RA Krau: Ja, das können Sie. Das wissen auch manche Anwälte nicht. Das ergibt sich aus § 2326 Satz 2 BGB. Ein Viertel aus dem hypothetischen, um die Schenkungen erhöhten Nachlass ist dann eben mehr als ein Halb „aus praktisch nichts“. Sie können also quasi als „Notbremse“ auf die Pflichtteilsergänzung zurückgreifen. Deshalb gilt: Immer in den Nachlassunterlagen nach namhaften Schenkungen forschen! Geben Sie sich nicht vorschnell damit zufrieden, dass der Nachlass angeblich wenig wert sein soll.
RA Krau: Manche neunmalklugen Erblasser glauben, sie könnten den Pflichtteil damit aushöhlen, dass sie den Pflichtteilsberechtigten zwar zum Erben machen oder ihm ein Vermächtnis zuwenden, ihm aber weniger zuwenden, als die Hälfte des gesetzlichen Erbteils, also weniger als der Pflichtteil. Da sagt der § 2305 BGB, dass der Pflichtteilsberechtigte dasjenige, was zur Hälfte des gesetzlichen Erbes (=Pflichtteil) fehlt, vom Erben noch verlangen kann.
RA Krau: Die Ausschlagung eines unbelasteten Erbteils hat den Verlust des Pflichtteils zur Folge, weil nach § 2303 BGB kein Ausschluss von der Erbfolge durch Verfügung von Todes wegen erfolgte.
Das ist nach § 2306 BGB anders, wenn das Erbe durch die Einsetzung eines Nacherben, die Ernennung eines Testamentsvollstreckers oder eine Teilungsanordnung beschränkt wurde oder wenn es mit einem Vermächtnis oder einer Auflage beschwert ist. In diesem Falle kann der beschränkte oder beschwerte Erbe gemäß § 2306 BGB ausschlagen, behält aber den Pflichtteilsanspruch.
Eine weitere wichtige Ausnahme besteht nach § 1371 III BGB für den überlebenden Ehegatten in der Zugewinngemeinschaft: Er kann die Erbschaft ausschlagen, kann dann aber sowohl den Zugewinnausgleich als auch den Pflichtteil verlangen.

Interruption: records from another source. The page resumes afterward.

Lemma crosses_none_it : crosses_none D (i, t).
Proof.
rewrite crosses_none_Ddiv !ncross_share ?eqxx ?orbT //=.
apply/forall_inP => -[x y] /D2_arc /andP[xA yA].
exact: ncross_outside_end i_out xA yA end_t.
Qed.

Lemma crosses_none_tv : crosses_none D (t, v).
Proof.
rewrite crosses_none_Ddiv !ncross_share ?eqxx ?orbT //=.
apply/forall_inP => -[x y] /D2_arc /andP[xA yA].
by rewrite cross_tv ncross_arc_chord.
Qed.

Lemma Ddiv_arc e : e \in D -> in_V2 e.
Proof.
rewrite mem_Ddiv => /or3P[/eqP-> | /eqP-> | /D2_arc //];
  by rewrite /= !in_arc_end ?end_t ?end_v.
Qed.

Lemma inner_tpath_arc s : is_tpath V2 D2 v k s -> all (in_arc a b) s.
Proof.
rewrite is_tpathE => /and5P[_ _ _ _ /andP[+ _]].
by apply: sub_all => x; rewrite inE.
Qed.

Lemma outer_tpath_behead_arc s : is_tpath setT D i k s -> all (in_arc a b) (behead s).
Proof.
rewrite is_tpathE => /and5P[_ /eqP + /eqP + _ /and5P[_ _ _ _ /andP[+ _]]].
case: s => // x s /= -> last_k odds_D; apply: (all_behead_odds (x := i)).
  by rewrite last_k.
by apply: sub_all odds_D => e /andP[/Ddiv_arc].
Qed.

Lemma inner_tpath_behead_neq s :
  is_tpath V2 D2 v k s -> all (fun x => x != v) (behead s).
Proof.
rewrite is_tpathE => /and5P[_ /eqP + /eqP + _ /and5P[_ _ _ _ /andP[+ _]]].
case: s => // x s /= -> last_k odds_D2; apply: (all_behead_odds (x := v)).
  by rewrite last_k.
apply: sub_all odds_D2 => -[y z] /andP[_ /cross_disjoint /and4P[yv _ zv _]].
by rewrite yv zv.
Qed.

Lemma kside_neq_v x y O : in_arc a b x -> in_arc a b y -> x != v -> y != v ->
  cross (x, y) (i, k) -> all (kside (x, y) k) O ->
  all (fun e => (e.1 != v) && (e.2 != v)) O.
Proof.
move=> xA yA xv yv; rewrite (cross_outside_end i_out xA yA k_in end_v) 1?eq_sym //.
by move=> xy_vk; apply: sub_all => -[e1 e2]; apply: kside_cross_neq xy_vk.
Qed.

Lemma tpath_rehead w r :
  is_tpath V2 D2 v k [:: v, t, w & r] -> is_tpath setT D i k [:: i, t, w & r].
Proof.
move=> tq.
have tail_arc : all (in_arc a b) [:: t, w & r] by case/andP: (inner_tpath_arc tq).
have i_edge : edge (i, t) \notin map edge (steps [:: t, w & r]).
  by apply: contra i_out => /edge_in_steps /(allP tail_arc).
have /allP L_arc := all_steps tail_arc.
have O_arc e : e \in odds ((i, t) :: steps [:: t, w & r]) -> in_V2 e.
  by move/mem_odds_cons/L_arc.
move: tq; rewrite !is_tpathE (steps_cons2 v) (steps_cons2 i) (odds_cons (v, t) (i, t)).
move: (odds _) O_arc => O O_arc; move: (steps _) i_edge L_arc => L i_edge L_arc /=.
case/and5P=> _ -> _ _ /and4P[/andP[_ ->] /andP[_ ->] /andP[_ ncr] /andP[odd_q ->]].
rewrite eqxx i_edge crosses_none_it !andbT /=; apply/and5P; split.
- by apply: contraNneq i_out => ->.
- by rewrite !in_setT /=; apply/allP => x; rewrite in_setT.
- by apply: contraNneq i_out => ->; case/andP: tail_arc.
- by apply/allP => e e_L; rewrite crosses_none_arc ?L_arc ?(allP ncr).
- by apply/allP => e e_O; rewrite odd_step_inner ?O_arc ?(allP odd_q).
Qed.

Lemma outer_tpath_neq_v x y r :
  is_tpath setT D i k [:: i, x, y & r] -> x != v -> y != v ->
  all (fun z => z != v) [:: x, y & r].
Proof.
move=> tp xv yv; have /andP[xA /andP[yA _]] := outer_tpath_behead_arc tp.
move: tp; rewrite is_tpathE => /and5P[_ _ /eqP last_k _ /and5P[_ _ _ _ /andP[odds_D ks]]].
apply: (all_behead_odds (x := i)); first by move: last_k => /= ->.
move: odds_D ks; rewrite (steps_cons2 i) (steps_cons2 x) odds_cons2.
move: (odds _) => O /=.
case/andP=> /andP[_ xy_ik] _ /andP[xy_ks _]; rewrite xv yv /=.
exact: kside_neq_v xA yA xv yv xy_ik xy_ks.
Qed.

Lemma tpath_rehead_inv w r : w != v ->
  is_tpath setT D i k [:: i, t, w & r] -> is_tpath V2 D2 v k [:: v, t, w & r].
Proof.
move=> wv tp; have tail_arc := outer_tpath_behead_arc tp.
have tail_v := outer_tpath_neq_v tp neq_tv wv.
have q_V2 : all (fun x => x \in V2) [:: v, t, w & r].
  apply/allP => x x_q; rewrite inE.
  by case/predU1P: x_q => [-> | /(allP tail_arc)] //; apply: in_arc_end end_v.
have v_edge : edge (v, t) \notin map edge (steps [:: t, w & r]).
  apply: contraL tail_v => /edge_in_steps v_in.
  by apply/allP => /(_ v v_in); rewrite eqxx.
have /allP L_arc := all_steps tail_arc.
have /allP L_v := all_steps tail_v.
have O_tail e : e \in odds ((v, t) :: steps [:: t, w & r]) -> in_V2 e && (e.1 != v) && (e.2 != v).
  by move/mem_odds_cons => e_in; rewrite L_arc // -andbA L_v.
move: tp; rewrite !is_tpathE (steps_cons2 v) (steps_cons2 i) (odds_cons (i, t) (v, t)).
move: (odds _) O_tail => O O_tail; move: (steps _) v_edge L_arc => L v_edge L_arc /=.
case/and5P=> _ -> _ _ /and4P[/andP[_ ->] /andP[_ ->] /andP[_ ncr] /andP[odd_p ->]].
rewrite eqxx v_edge eq_sym neq_kv !andbT /=; apply/and4P; split.
- exact: q_V2.
- by rewrite eq_sym.
- rewrite crosses_none_swap; move: crosses_none_tv; rewrite crosses_none_Ddiv => /and3P[_ _ ->] /=.
  by apply/allP => e e_L; rewrite -crosses_none_arc ?L_arc ?(allP ncr).
- apply/allP => e e_O; have /andP[/andP[e_arc e1v] e2v] := O_tail e e_O.
  by rewrite -odd_step_arc ?(allP odd_p).
Qed.

Lemma tpath_prepend r : head v r != t ->
  is_tpath V2 D2 v k (v :: r) -> is_tpath setT D i k [:: i, t, v & r].
Proof.
move=> r_t tq; have q_arc := inner_tpath_arc tq; have r_v := inner_tpath_behead_neq tq.
have /allP L_arc := all_steps q_arc.
have O_arc e : e \in odds (steps (v :: r)) -> in_V2 e by move/mem_odds/L_arc.
have t_arc : in_arc a b t by apply: in_arc_end end_t.
have i_edge : edge (i, t) \notin edge (t, v) :: map edge (steps (v :: r)).
  rewrite inE negb_or; apply/andP; split.
    by apply: contra i_out => /eqP/edge_eq_l/orP[]/eqP->; rewrite ?t_arc ?in_arc_end ?end_v.
  by apply: contra i_out => /edge_in_steps /(allP q_arc).
have tv_edge : edge (t, v) \notin map edge (steps (v :: r)).
  case: r r_t r_v {tq q_arc L_arc O_arc i_edge} => // y r y_t r_v.
  rewrite steps_cons2 map_cons inE negb_or; apply/andP; split.
    by apply: contra y_t => /eqP/edge_eq_l; rewrite (negbTE neq_tv) eq_sym.
  rewrite /edge setUC; apply: contraL r_v => /edge_in_steps v_in.
  by apply/allP => /(_ v v_in); rewrite eqxx.
move: tq; rewrite !is_tpathE !steps_cons2 odds_cons2.
move: (odds _) O_arc => O O_arc; move: (steps _) i_edge tv_edge L_arc => L i_edge tv_edge L_arc /=.
case/and5P=> _ _ -> _ /and5P[_ -> -> ncr /andP[odd_q ->]].
rewrite eqxx i_edge tv_edge crosses_none_it crosses_none_tv neq_tv mem_Ddiv eqxx.
rewrite (cross_tv_out k_in neq_kt neq_kv) !andbT /=; apply/and5P; split.
- by apply: contraNneq i_out => ->.
- by rewrite !in_setT /=; apply/allP => x; rewrite in_setT.
- by apply: contraNneq i_out => ->.
- by apply/allP => e e_L; rewrite crosses_none_arc ?L_arc ?(allP ncr).
apply/andP; split; first by apply/allP => e e_O; rewrite odd_step_inner ?O_arc ?(allP odd_q).
case/andP: neq_k_ends => ka kb.
by apply/allP => -[x y] /O_arc /andP[xA yA]; rewrite kside_tv kside_arc.
Qed.

Lemma outer_tpath_tv_next r : is_tpath setT D i k [:: i, t, v & r] -> head v r != t.
Proof.
case: r => [|y r]; first by rewrite is_tpathE /= (eq_sym v) (negbTE neq_kv) !andbF.
rewrite is_tpathE !steps_cons2; move: (steps _) => L.
case/and5P=> _ _ _ _ /and5P[_ _ + _ _] => /= /and4P[_ tv_edge _ _].
by apply: contraNneq tv_edge => ->; rewrite inE /edge setUC eqxx.
Qed.

Lemma outer_tpath_odds_neq_v r : is_tpath setT D i k [:: i, t, v & r] ->
  all (fun e => (e.1 != v) && (e.2 != v)) (odds (steps (v :: r))).
Proof.
case: r => [|y [|z r]] tp //; have /and5P[_ _ yA zA _] := outer_tpath_behead_arc tp.
move: tp; rewrite is_tpathE !steps_cons2 !odds_cons2; move: (odds _) => O; move: (steps _) => L.
case/and5P=> _ _ _ _ /and5P[_ + + _ /andP[+ +]] => /= /and5P[_ _ vy _ _].
case/and5P=> _ _ vy_edge _ _ /andP[_ /andP[/andP[_ yz_ik] _]] /andP[_ /andP[yz_ks _]].
have yv : y != v by rewrite eq_sym.
have zv : z != v by apply: contraNneq vy_edge => ->; rewrite inE /edge setUC eqxx.
by rewrite yv zv (kside_neq_v yA zA yv zv yz_ik yz_ks).
Qed.

Lemma tpath_prepend_inv r :
  is_tpath setT D i k [:: i, t, v & r] -> is_tpath V2 D2 v k (v :: r).
Proof.
move=> tp; have O_v := outer_tpath_odds_neq_v tp.
have q_arc : all (in_arc a b) (v :: r) by case/andP: (outer_tpath_behead_arc tp).
have q_V2 : all (fun x => x \in V2) (v :: r) by apply: sub_all q_arc => x; rewrite inE.
have r_nil : r != [::].
  by apply: contra_neq neq_kv => r0; move: tp; rewrite r0 is_tpathE => /and5P[_ _ /eqP <-].
have /allP L_arc := all_steps q_arc.
have O_arc e : e \in odds (steps (v :: r)) -> in_V2 e by move/mem_odds/L_arc.
move: tp; rewrite !is_tpathE !steps_cons2 odds_cons2.
move: (odds _) O_v O_arc => O O_v O_arc; move: (steps _) L_arc => L L_arc /=.
case/and5P=> _ -> _ _.
case/and5P=> /and3P[_ _ ->] /and3P[_ _ ->] /and3P[_ _ ncr] /andP[_ odd_p] /andP[_ ->].
rewrite eqxx (eq_sym v) neq_kv ltnS lt0n size_eq0 r_nil !andbT /=; apply/and3P; split.
- exact: q_V2.
- by apply/allP => e /(allP ncr); rewrite crosses_none_Ddiv => /and3P[].
- apply/allP => e e_O; have /andP[e1v e2v] := allP O_v e e_O.
  by rewrite -odd_step_arc ?O_arc ?(allP odd_p).
Qed.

Schließlich kann nach § 2307 BGB, wer mit einem Vermächtnis bedacht wurde, dieses Vermächtnis ausschlagen und stattdessen den Pflichtteil fordern.
RA Krau: Das war in der Vergangenheit eine Stammtischparole, die durch die Entscheidung des BGH zur Dresdener Frauenkirche Stiftung eindeutig widerlegt ist. Errichtet der Erblasser zu seinen Lebzeiten eine Stiftung und stattet diese mit wesentlichen Teilen seines Vermögens aus, so sind auf das Stiftungsgeschäft die §§ 2325 BGB entsprechend anzuwenden. Schenkung im Sinne der Pflichtteilsergänzung gemäß § 2325 BGB ist ebenfalls die unentgeltliche Zuwendung an eine gemeinnützige Stiftung, sei es als kapitalerhöhende Zustiftung, sei es als Spende.
Fazit: Die Pflichtteilsergänzung nach § 2325 BGB können Sie mit Zuwendungen an eine Stiftung nicht umgehen.